Eat This, Not That: How to Tackle Holiday Eating
Desperately searching for a way to keep your diet in check through the New Year?
The holiday season is a battlefield fraught with ceaseless assaults on the waistline, with festivities threatening to wipe out hard-won workout results in one fell swoop.
We've prepared a few recommendations of healthy alternatives to holiday favorites to empower you to chart a more nutritive course through the caloric onslaught.
Skip the Cream
Cream can be found hidden in a litany of holiday dishes – soups, dips, casseroles, desserts and more. It’s best to avoid it as much as possible, as heavy cream contains substantial amounts of cholesterol and saturated fat.
Start your festivities off on the light side by dipping chips and vegetable crudités in hummus, salsa, guacamole or bean dip.
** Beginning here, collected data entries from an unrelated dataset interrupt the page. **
Lemma proper_elt_nat (a : nat) : 1 < a -> proper_elt (a%:Z).
Proof.
move=> lt1a; split=> [[eq_a0] | [c unit_c]]; first by rewrite eq_a0 in lt1a.
have /rdvd_int : rdvd (a%:Z) 1 by exists c; rewrite unit_c.
by rewrite dvdz1 /= gtn_eqF.
Qed.

Lemma int_not_field : ~ is_field int.
Proof. by have [nz2 nunit2] := proper_elt_nat (isT : 1 < 2); move=> /(_ _ nz2). Qed.

Lemma PO_good_upper n m : PO_good n.+1 m.+1 (n * m).+1.
Proof.
move=> d T; apply: (@comparability_ramsey_good _ _ (fun x y : T => (x < y)%O)).
- by move=> x; rewrite ltxx.
- by move=> x y z; apply: lt_trans.
- move=> x y /eqP neq_xy.
  rewrite /po_adj !le_eqVlt (negbTE neq_xy) eq_sym (negbTE neq_xy) /=.
  by split=> [/orP[] | []] ->; rewrite ?orbT; auto.
Qed.

Lemma PO_good_lower n m r : PO_good n.+1 m.+1 r -> n * m < r.
Proof.
move=> good; apply: (@blocks_ramsey_good_lt _ (@po_adj _ natdvd) m n (@block_code m n)).
- exact: block_code_inj.
- move=> p q _; rewrite /po_adj -[_ || _]/((block_code p %| block_code q) || _).
  by rewrite block_code_comparable; split=> /eqP.
- exact: good.
Qed.

Lemma MAT_good_upper n m : MAT_good n.+1 m.+1 (n * m).+1.
Proof.
move=> R j _ _.
apply: (@comparability_ramsey_good _ _ (fun A B : mat_vertex R j =>
  Defs.sdvd (\det (sval A)) (\det (sval B)))) => //.
- by move=> A; apply: sdvd_irr.
- by move=> A B C; apply: sdvd_trans.
Qed.

Section ScalarVertices.
Variables j m n : nat.

Lemma det_scalar_proper (a : nat) :
  1 < a -> proper_elt (\det (a%:Z%:M : 'M[int]_j.+1)).
Proof.
move=> lt1a; rewrite det_scalar -natz -natrX natz; apply: proper_elt_nat.
by rewrite -[1](expn0 a) ltn_exp2l.
Qed.

Definition block_vertex (p : 'I_m * 'I_n) : mat_vertex int j.+1 :=
  exist (fun A => proper_elt (\det A)) _ (det_scalar_proper (block_code_gt1 p)).

Lemma rdvd_det_block_vertex p q :
  rdvd (\det (sval (block_vertex p))) (\det (sval (block_vertex q))) <->
  block_code p %| block_code q.
Proof.
by rewrite /= !det_scalar -!natz -!natrX !natz rdvd_int dvdzE /= dvdn_pexp2r.
Qed.

Lemma mat_adj_block_vertex p q : p != q ->
  @mat_adj _ j.+1 (block_vertex p) (block_vertex q) <-> p.1 = q.1.
Proof.
move=> neq_pq; transitivity (is_true (p.1 == q.1)); last by split=> /eqP.
have : ~~ ((block_code p %| block_code q) && (block_code q %| block_code p)).
  by rewrite -eqn_dvd (inj_eq (@block_code_inj m n)).
rewrite /mat_adj /Defs.sdvd !rdvd_det_block_vertex -block_code_comparable.
by case: (_ %| _); case: (_ %| _); intuition.
Qed.

End ScalarVertices.

Lemma MAT_good_lower n m r : MAT_good n.+1 m.+1 r -> n * m < r.
Proof.
move=> good; apply: (@blocks_ramsey_good_lt _ (@mat_adj int 2) m n (@block_vertex 1 m n)).
- move=> p q /(congr1 (fun A : mat_vertex int 2 => sval A ord0 ord0)).
  by rewrite /= !mxE !mulr1n => -[/block_code_inj].
- exact: mat_adj_block_vertex.
- exact: good int_not_field.
Qed.

Theorem theorem3p16 (n m : nat) : (1 <= n)%N -> (1 <= m)%N ->
  is_least (MAT_good n m) ((n - 1) * (m - 1) + 1)%N /\
  is_least (PO_good n m) ((n - 1) * (m - 1) + 1)%N.
Proof.
case: n => // n _; case: m => // m _; rewrite !subn1 addn1 /=.
split; split.
- exact: MAT_good_upper.
- exact: MAT_good_lower.
- exact: PO_good_upper.
- exact: PO_good_lower.
Qed.
Lemma length_is_outer_measure (I : lc_interval R) X :
  is_interval I -> lc_dense_in X I -> outer_measure_is X (itv_length I).
Proof.
move=> hI hX; have [la lb _] := hI.
split; first exact: LC_sub.
  by move=> L [S [cov sumL]]; exact: cover_sum_ge_length hI hX cov sumL.
move=> m lm lower; apply: lc_nonneg_le.
case: (lc_le_or_gt lm (LC_sub lb la)) => // big; exfalso; have [v [mv m_lead]] := big.
have cov : cover_sums X (fun q => itv_length I q + monom (v + 1) 1 q).
  exists (shrinking_cover I v); split; last exact: shrinking_cover_series.
  split; [|by move=> x Xx; exists 0%N; exact: hX.1|].
    by move=> n; exact: shrinking_cover_interval.
  by exists (fun q => itv_length I q + monom (v + 1) 1 q); exact: shrinking_cover_series.
have vv1 : v < v + 1 by rewrite ltrDl.
have := lc_pos_nonnegD (lc_pos_sub_monom 1 m_lead mv vv1) (lc_le_nonneg (lower _ cov)).
by apply: not_lc_pos0; lc_ring.
Qed.

End OuterMeasure.

Theorem mainTheorem11 (R : realType) (I : lc_interval R) (X : set (rat -> R)) :
  is_interval I -> lc_dense_in X I ->
  (forall (S : nat -> lc_interval R) (L : rat -> R),
      is_cover X S -> lc_series_to (fun n => itv_length (S n)) L ->
      lc_le (itv_length I) L) /\
  outer_measurable X /\ outer_measure_is X (itv_length I).
Proof.
move=> hI hX; have inf := length_is_outer_measure hI hX.
split; first by move=> S L; exact: cover_sum_ge_length.
by split=> //; exists (itv_length I).
Qed.
Lemma nested_BIBD_of_nat v (L : seq (seq nat * nat)) :
  0 < v -> all (nblock_ok v) L ->
  (forall x y, x < v -> y < v -> x != y -> pair_count (base L) x y = 1) ->
  nest_bounded L -> exists B, nested_BIBD v B.
Proof.
move=> v_gt0 /allP L_ok L_once L_nest.
have block_lt p z : p \in L -> z \in p.2 :: p.1 -> z < v.
  by move=> /L_ok /and3P[_ _ /allP]; apply.
pose phi (p : seq nat * nat) : 'I_v := insubd (Ordinal v_gt0) p.2.
have phiE p : p \in L -> nat_of_ord (phi p) = p.2.
  by move=> p_in; rewrite val_insubd (block_lt p) ?mem_head.
have augmentedE p : p \in L -> phi p |: set_of_seq v p.1 = set_of_seq v (p.2 :: p.1).
  by move=> p_in; apply/setP => z; rewrite !inE -(inj_eq val_inj) /= phiE.
have card_augmented p : p \in L -> #|set_of_seq v (p.2 :: p.1)| = 5.
  move=> p_in; have /and3P[p_uniq /eqP p_size p_lt] := L_ok p p_in.
  by rewrite card_set_of_seq //= p_size.
have pair_countE (h : seq nat * nat -> seq nat) (x y : 'I_v) :
    count (fun A : {set 'I_v} => (x \in A) && (y \in A)) [seq set_of_seq v (h p) | p <- L] =
    pair_count (map h L) x y.
  by rewrite count_map /pair_count count_map; apply: eq_count => p; rewrite /= !inE.
exists [seq set_of_seq v p.1 | p <- L]; split; first split.
- move=> _ /mapP[p p_in ->].
  have /and3P[/andP[_ p_uniq] /eqP p_size /andP[_ p_lt]] := L_ok p p_in.
  by rewrite card_set_of_seq.
- by move=> x y xy; rewrite (pair_countE fst) L_once.
exists [seq phi p | p <- L]; rewrite zip_map !size_map -map_comp; split=> //; split.
  move=> _ /mapP[p p_in ->] /=; rewrite inE phiE //.
  by case/L_ok/and3P: p_in => /andP[].
rewrite (eq_in_map _ (fun p => set_of_seq v (p.2 :: p.1)) L).1; last exact: augmentedE.
split=> [_ /mapP[p p_in ->]|x y xy]; first exact: card_augmented.
rewrite (pair_countE (fun p => p.2 :: p.1)).
by have := L_nest _ _ xy; rewrite (L_once x y (ltn_ord x) (ltn_ord y) xy).
Qed.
Another option is to replace cream in soup recipes with evaporated milk and to use low-fat yogurt or fat-free sour cream as a replacement in dips.
Reach for the Right Veggies
Not all vegetable dishes are created equally nutritious.
Try filling up on roasted sweet potatoes instead of mashed potatoes and gravy, or tuning out the calorie-laden green bean casserole in favor of sautéed green beans.
Choose White Meat Over Dark Meat
Overall, turkey meat is an excellent source of protein loaded with vitamins and minerals including iron, selenium, and zinc. You'll want to opt for the white meat - the dark meat may have a higher mineral content, but it also contains an additional 20 calories and 2 grams of fat. Skip the turkey skin to shave off additional calories.
Forget the Cheesecake
Everyone deserves a little indulgence during the holidays! Forgo the gut-busting cheesecake for a few whole wheat sugar or gingerbread cookies. If you find yourself dead set on eating a slice of a dessert, a small piece of pumpkin pie (300 calories) is a more wise choice than pecan pie (500 calories) and will also give you a healthy dose of vitamin A, calcium and iron.
Cheers to Champagne (and Light Beer)
Holiday festivities are rarely dry occasions, and empty liquid calories can sneak up on you quickly.
Avoid mixed drinks and sugary cocktails by sticking to champagne (91 calories) and light beer (103 calories). If you’re looking for a more seasonal fix, swapping the traditional eggnog (250+ calories) for a glass of warm apple cider will save you between 100-150 calories and countless grams of fat.